Question

Let\[{z_1}\], \[{z_2}\] be two fixed complex numbers in the argand plane and z be an arbitrary point satisfying\[\mid z - {z_1}\mid + \mid z - {z_2}\mid = k\], if\[\mid {z_1} - {z_2}\mid < k\], then the locus of z will be represent

Answer 1

Hint: The complex number is a number that consists of two parts in it, one of them is a real number (like 1,2,3, etc.) and the other is an imaginary number which looks like I, 2i, 3i, etc. Those are used in the difficult levels of mathematics where the output cannot be represented normally.
Complete step-by-step answer:
The argand plane represents these complex numbers in its x,y and z axis. (An example for the representation of a complex number is 2+i4).
\[\mid z - {z_1}\mid + \mid z - {z_2}\mid = k\] and\[\mid {z_1} - {z_2}\mid < k\],
\[{z_1}\]and\[{z_2}\]are the two fixed complex numbers in the argand plane, z being the arbitrary points that satisfy the equation.

The equation of the ellipse is generally written as\[\dfrac{{{{\left( {x - h} \right)}^2}}}{{{a^2}}} + \dfrac{{{{\left( {y - k} \right)}^2}}}{{{b^2}}} = 1\]. If we write \[\dfrac{x}{a} + i\dfrac{y}{b} = z\] and \[\dfrac{h}{a} + i\dfrac{k}{b} = {z_1}\], after solving the terms, we will get \[\mid z - {z_1}\mid + \mid z - {z_2}\mid = k\], So the given equation when \[\mid {z_1} - {z_2}\mid < k\] represents an Ellipse.

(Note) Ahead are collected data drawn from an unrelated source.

Lemma theta_right_cont b i : 0 <= b -> Rbar_lt b tau -> (i < N)%nat ->
  right_cont (fun s => theta s i) b.
Proof.
  intros Hb Hbt Hi. destruct (Rle_lt_or_eq 0 b Hb) as [Hb'|<-]; [|apply (Hsol i Hi)].
  exact (right_deriv_cont _ _ _ (proj1 (solution_one_sided b i Hb' Hbt Hi))).
Qed.

Lemma energy_one_sided u : 0 < u -> Rbar_lt u tau ->
  right_deriv E u (energy_rslope N k2 thinf (theta u) (omega u) (omega u) (rhs u)) /\
  left_deriv E u (- energy_rslope N k2 thinf (theta u) (omega u)
                      (fun i => - omega u i) (fun i => - rhs u i)).
Proof.
  intros Hu Hut. pose proof (fun i => solution_one_sided u i Hu Hut) as Hd. split.
  - apply energy_right_deriv; intros i Hi; apply Hd, Hi.
  - unfold left_deriv. rewrite Ropp_involutive.
    generalize (energy_right_deriv N k2 thinf (fun s => theta (- s)) (fun s => omega (- s)) (- u)
      (fun i => - omega u i) (fun i => - rhs u i)
      (fun i Hi => proj1 (proj2 (Hd i Hi))) (fun i Hi => proj2 (proj2 (proj2 (Hd i Hi))))).
    now rewrite Ropp_involutive.
Qed.

Lemma energy_right_cont_at b : 0 <= b -> Rbar_lt b tau -> right_cont E b.
Proof.
  intros Hb Hbt. destruct (Rle_lt_or_eq 0 b Hb) as [Hb'|<-].
  - exact (right_deriv_cont _ _ _ (proj1 (energy_one_sided b Hb' Hbt))).
  - apply energy_right_cont; intros i Hi; apply (Hsol i Hi).
Qed.

Lemma energy_slopes_sum u :
  energy_rslope N k2 thinf (theta u) (omega u) (omega u) (rhs u)
  + - energy_rslope N k2 thinf (theta u) (omega u) (fun i => - omega u i) (fun i => - rhs u i)
  = - dissipation N k0 k1 (theta u) (omega u).
Proof.
  unfold rhs. rewrite <- Rminus_def, energy_rslope_odd_part, kuramoto_energy_power by assumption.
  field.
Qed.

Lemma energy_nonincreasing (b : R) : Rbar_lt b tau ->
  (forall y, 0 <= y < b -> in_S N U (theta y)) ->
  forall s t, 0 <= s <= t -> t <= b -> E t <= E s.
Proof.
  intros Hbt HS s t Hst Htb. destruct (Rle_lt_or_eq s t (proj2 Hst)) as [Hlt|<-]; [|lra].
  assert (Htt := lt_tau_of_le t b Htb Hbt).
  apply nonincreasing_of_one_sided_derivs; [lra| | |].
  - apply energy_right_cont_at; [lra|]. apply (lt_tau_of_le s b); [lra|exact Hbt].
  - exact (left_deriv_cont _ _ _ (proj2 (energy_one_sided t ltac:(lra) Htt))).
  - intros u Hu. assert (Hut := lt_tau_of_le u b ltac:(lra) Hbt).
    destruct (energy_one_sided u ltac:(lra) Hut) as [Hr Hl].
    do 2 eexists. split; [exact Hr|]. split; [exact Hl|].
    rewrite energy_slopes_sum.
    pose proof (dissipation_nonneg (theta u) (omega u) (HS u ltac:(lra))).
    lra.
Qed.

Lemma velocities_sync_of_energy_const (b : R) : Rbar_lt b tau ->
  (forall y, 0 <= y < b -> in_S N U (theta y)) -> E b = E 0 ->
  forall u, 0 < u < b -> forall i j, (i < N)%nat -> (j < N)%nat -> omega u i = omega u j.
Proof.
  intros Hbt HS Hconst u Hu.
  assert (Hflat0 : forall y, 0 <= y <= b -> E y = E 0).
  { intros y Hy. pose proof (energy_nonincreasing b Hbt HS 0 y ltac:(lra) ltac:(lra)).
    pose proof (energy_nonincreasing b Hbt HS y b ltac:(lra) ltac:(lra)). lra. }
  assert (Hflat : forall y, 0 <= y <= b -> E y = E u)
    by (intros y Hy; rewrite (Hflat0 y Hy), (Hflat0 u); [reflexivity|lra]).
  destruct (energy_one_sided u ltac:(lra) (lt_tau_of_le u b ltac:(lra) Hbt)) as [Hr Hl].
  apply right_deriv_locally_const in Hr.
  2: { generalize (at_right_lt u (b - u) ltac:(lra)). apply filter_imp.
       intros x Hx. apply Hflat. lra. }
  apply right_deriv_locally_const in Hl.
  2: { generalize (at_right_lt (- u) u ltac:(lra)). apply filter_imp.
       intros x Hx. rewrite Ropp_involutive. apply Hflat. lra. }
  apply (dissipation_eq0 (theta u)); [apply HS; lra|].
  pose proof (energy_slopes_sum u). lra.
Qed.

Lemma phase_gap_nonincreasing (b : R) : 0 < b -> Rbar_lt b tau ->
  (forall u, 0 < u < b -> forall i j, (i < N)%nat -> (j < N)%nat -> omega u i = omega u j) ->
  forall i j, (i < N)%nat -> (j < N)%nat -> theta b i - theta b j <= theta 0 i - theta 0 j.
Proof.
  intros Hb Hbt Hsync i j Hi Hj.
  assert (Hlt : forall u, 0 <= u <= b -> Rbar_lt u tau)
    by (intros u Hu; apply (lt_tau_of_le u b); [lra|exact Hbt]).
  apply (nonincreasing_of_one_sided_derivs (fun s => theta s i - theta s j)); [lra| | |].
  - apply right_cont_minus; (apply theta_right_cont; [lra|apply Hlt; lra|assumption]).
  - destruct (solution_one_sided b i Hb Hbt Hi) as [_ [Hli _]].
    destruct (solution_one_sided b j Hb Hbt Hj) as [_ [Hlj _]].
    exact (left_deriv_cont _ _ _ (left_deriv_minus _ _ _ _ _ Hli Hlj)).
  - intros u Hu. exists (omega u i - omega u j), (omega u i - omega u j).
    destruct (solution_one_sided u i ltac:(lra) (Hlt u ltac:(lra)) Hi) as [Hri [Hli _]].
    destruct (solution_one_sided u j ltac:(lra) (Hlt u ltac:(lra)) Hj) as [Hrj [Hlj _]].
    split; [now apply right_deriv_minus|]. split; [now apply left_deriv_minus|].
    rewrite (Hsync u Hu i j Hi Hj). lra.
Qed.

Note: The complex numbers are not the normal math types, they are used in the difficult levels, be aware about the formulae of it and try to recognize the equations of the circle, ellipse, parabola, etc in the argand plane, be sure and try to recognize the given equation correctly without any mistake. When there are imaginary values like vector values, then sometimes we won’t get a correct figure as the solution, we need to conclude them by using the denotation small letter i (which means the value is an imaginary or vector value).